El Tri’s goals for 2013 were outlined in a press conference at the start of the year. Reaching the Confederations Cup semifinal was the first, along with qualifying for the World Cup and winning the Gold Cup.
With six months of the year almost gone, the first of those targets has passed El Tri by, while World Cup qualification is anything but secure.
Perhaps the most frustrating thing about the team's Confederations Cup failure is that Jose Manuel “Chepo” de la Torre’s side not only lost against Italy and Brazil, but didn’t really put up a fight. Redemption of a kind came in the 2-1 victory against a good Japan side, even if the fact neither team could qualify for the semis did take the edge off.
What follows are the positives and negatives from Mexico in the Confederations Cup as a whole and where the campaign leaves De la Torre.
While the net bottom line has to be negative over the three games, there were reasons to have some hope for the upcoming qualifying games.
After another slow start, Mexico finally slotted into gear in the final game against Japan and showed glimpses of the fluid offense that De la Torre’s side is capable of. The attitude and urgency increased in the last game and the improved link-up play in the final third brought Mexico’s star player Javier “Chicharito” Hernandez into the reckoning in the final third. He rarely fails to disappoint when provided with chances.
On an individual level, Jesus Corona was a positive in goal for the first two matches, but the goalkeeping debate remains wide open with Guillermo Ochoa looking accomplished when he got an opportunity against Japan. Either way, the tournament was confirmation that Mexico is loaded in the goalkeeping position.
In defense, Diego Reyes was excellent in the final game, pushing his claim to become the starter in place of Francisco “Maza” Rodriguez. Jorge Torres Nilo also took his opportunity when he retook the left back position from Carlos Salcido for the final two matches.
At right back, Hiram Mier was given his chance and while he struggled in the first half of the Brazil game against Neymar, the Monterrey player looked good going forward and – considering his proven character – has shunted himself to the front of the line.
Mexico’s player of the tournament, however, was Giovani Dos Santos.
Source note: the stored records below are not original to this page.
(* Proof of ext(P) <= n!/(n-m) for P = P_1 + ... + P_k with indecomposable
   summands (only the incomparability of elements in different summands is
   used, not that le is an order).

   Let W(A) be the set of injective labellings g : P -> {0,...,n-1} that are
   monotone along every relation x <= y with x in A.  Then W(empty) has n!
   elements and W(P) is the set of linear extensions.  The heart of the proof
   is a rotation argument: given g in W(A + C) with C an indecomposable
   summand, cyclically shifting the values that g takes on C by t = 0..|C|-1
   yields |C| distinct elements of W(A), since two distinct shifts of
   monotone labellings of C would split C into the elements whose rank wraps
   around and the others, making C decomposable.  Hence
   |C| * |W(A + C)| <= |W(A)|, and adding the summands one at a time gives
   (prod_i |P_i|) * ext(P) <= n!.  Finally an arithmetic lemma (a sum of
   numbers >= 2 is at most their product) shows n - m <= prod_i |P_i| under
   the hypotheses on the sizes of the summands. *)

Definition monotone_on (T : finType) (n : nat) (le : rel T) (A : {set T})
    (h : T -> 'I_n) : Prop :=
  forall x y, x \in A -> y \in A -> le x y -> h x <= h y.

Section RankRotation.
Variables (T : finType) (n : nat) (C : {set T}).
Implicit Types (h : {ffun T -> 'I_n}) (x y : T).

Definition vals h : seq nat := sort leq [seq val (h y) | y <- enum C].

Definition rank h x : nat := index (val (h x)) (vals h).

Definition rot h (t : nat) : {ffun T -> 'I_n} :=
  [ffun x => if x \in C
             then insubd (h x) (nth 0 (vals h) ((rank h x + t) %% #|C|))
             else h x].

Lemma size_vals h : size (vals h) = #|C|.
Proof. by rewrite /vals size_sort size_map cardE. Qed.

Lemma uniq_vals h : injective h -> uniq (vals h).
Proof.
by move=> hi; rewrite sort_uniq map_inj_uniq ?enum_uniq // => x y /val_inj /hi.
Qed.

Lemma vals_in h x : x \in C -> val (h x) \in vals h.
Proof. by move=> xC; rewrite mem_sort; apply: map_f; rewrite mem_enum. Qed.

Lemma nth_vals h r : r < #|C| -> exists2 y, y \in C & nth 0 (vals h) r = val (h y).
Proof.
move=> rC; have : nth 0 (vals h) r \in vals h by rewrite mem_nth // size_vals.
by rewrite mem_sort => /mapP [y]; rewrite mem_enum => yC ->; exists y.
Qed.

Lemma rank_lt h x : x \in C -> rank h x < #|C|.
Proof. by move=> xC; rewrite -(size_vals h) index_mem vals_in. Qed.

Lemma nth_rank h x : x \in C -> nth 0 (vals h) (rank h x) = val (h x).
Proof. by move=> xC; rewrite nth_index // vals_in. Qed.

Lemma rank_surj h r : injective h -> r < #|C| -> exists2 y, y \in C & rank h y = r.
Proof.
move=> hi rC; have [y yC e] := nth_vals h rC; exists y => //.
by rewrite /rank -e index_uniq ?size_vals ?uniq_vals.
Qed.

Lemma rank_mono h x y : injective h -> x \in C -> y \in C ->
  val (h x) <= val (h y) -> rank h x <= rank h y.
Proof.
move=> hi xC yC hxy; rewrite leqNgt; apply/negP => lt_yx.
have hyx := sorted_ltn_index leq_trans (sort_sorted leq_total _) _ _
  (vals_in h yC) (vals_in h xC) lt_yx.
have e : val (h x) = val (h y) by apply/eqP; rewrite eqn_leq hxy hyx.
by move: lt_yx; rewrite /rank e ltnn.
Qed.

Lemma rot_in h t x : x \in C ->
  val (rot h t x) = nth 0 (vals h) ((rank h x + t) %% #|C|).
Proof.
move=> xC; rewrite ffunE xC.
have C0 : 0 < #|C| by apply/card_gt0P; exists x.
have [y _ ->] := nth_vals h (ltn_pmod (rank h x + t) C0).
by rewrite insubdK //; exact: ltn_ord.
Qed.

Lemma rot_out h t x : x \notin C -> rot h t x = h x.
Proof. by move=> xC; rewrite ffunE (negbTE xC). Qed.

Lemma rot_in_image h t x : x \in C -> exists2 y, y \in C & rot h t x = h y.
Proof.
move=> xC; have C0 : 0 < #|C| by apply/card_gt0P; exists x.
have [y yC e] := nth_vals h (ltn_pmod (rank h x + t) C0).
by exists y => //; apply: val_inj; rewrite rot_in.
Qed.

Lemma rot_inj h t : injective h -> injective (rot h t).
Proof.
move=> hi.
have mixed x y : x \in C -> y \notin C -> rot h t x <> rot h t y.
  move=> xC yNC; have [z zC ->] := rot_in_image h t xC.
  by rewrite rot_out // => /hi ezy; move: yNC; rewrite -ezy zC.
move=> x y; case xC: (x \in C); case yC: (y \in C).
- have C0 : 0 < #|C| by apply/card_gt0P; exists x.
  move=> /(congr1 val); rewrite !rot_in // => /eqP.
  rewrite nth_uniq ?size_vals ?ltn_pmod ?uniq_vals // eqn_modDr.
  rewrite !modn_small ?rank_lt // => /eqP e.
  by apply/hi/val_inj; rewrite -(nth_rank h xC) -(nth_rank h yC) e.
- by move/mixed; rewrite xC yC => /(_ erefl erefl).
- by move/esym/mixed; rewrite xC yC => /(_ erefl erefl).
- by rewrite !rot_out ?xC ?yC // => /hi.
Qed.

Lemma vals_rot h t : injective h -> vals (rot h t) = vals h.
Proof.
move=> hi; apply/perm_sortP; [exact: leq_total | exact: leq_trans | exact: anti_leq |].
have uniq_map (g : {ffun T -> 'I_n}) : injective g -> uniq [seq val (g y) | y <- enum C].
  by move=> gi; rewrite map_inj_uniq ?enum_uniq // => x y /val_inj /gi.
apply: uniq_perm; rewrite ?uniq_map //; first exact: rot_inj.
have sub : {subset [seq val (rot h t y) | y <- enum C] <= [seq val (h y) | y <- enum C]}.
  move=> v /mapP [y]; rewrite mem_enum => yC ->.
  by have [z zC ->] := rot_in_image h t yC; apply: map_f; rewrite mem_enum.
have := uniq_min_size (uniq_map _ (rot_inj (t := t) hi)) sub.
by rewrite !size_map => /(_ (leqnn _)) [].
Qed.

Lemma rank_rot h t x : injective h -> x \in C ->
  rank (rot h t) x = (rank h x + t) %% #|C|.
Proof.
move=> hi xC; have C0 : 0 < #|C| by apply/card_gt0P; exists x.
by rewrite /rank vals_rot // rot_in // index_uniq ?size_vals ?uniq_vals ?ltn_pmod.
Qed.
The former Tottenham Hotspur player looked dangerous in each of the three games and will have done no harm to his chances of signing for a big club.
Formation wise, playing Dos Santos on the right with two attacking players down the center – as Chepo did against Japan - seems to be the answer to the problem of the right wing position, which both Javier Aquino and Pablo Barrera have failed to lock down, despite being handed opportunities.
With one year to go before the main event, the differences in Chepo’s Confederations Cup lineups for each game showed just exactly how many positions are still up for grabs. The way Mexico's coach keeps switching and changing in certain areas reflects the doubts that still reigns.
Left back, right back, center midfield, right wing and the second striker are all positions that need to be resolved. The most worrying thing is that it is because players haven’t stepped up, rather than the sheer amount of talent pushing for places.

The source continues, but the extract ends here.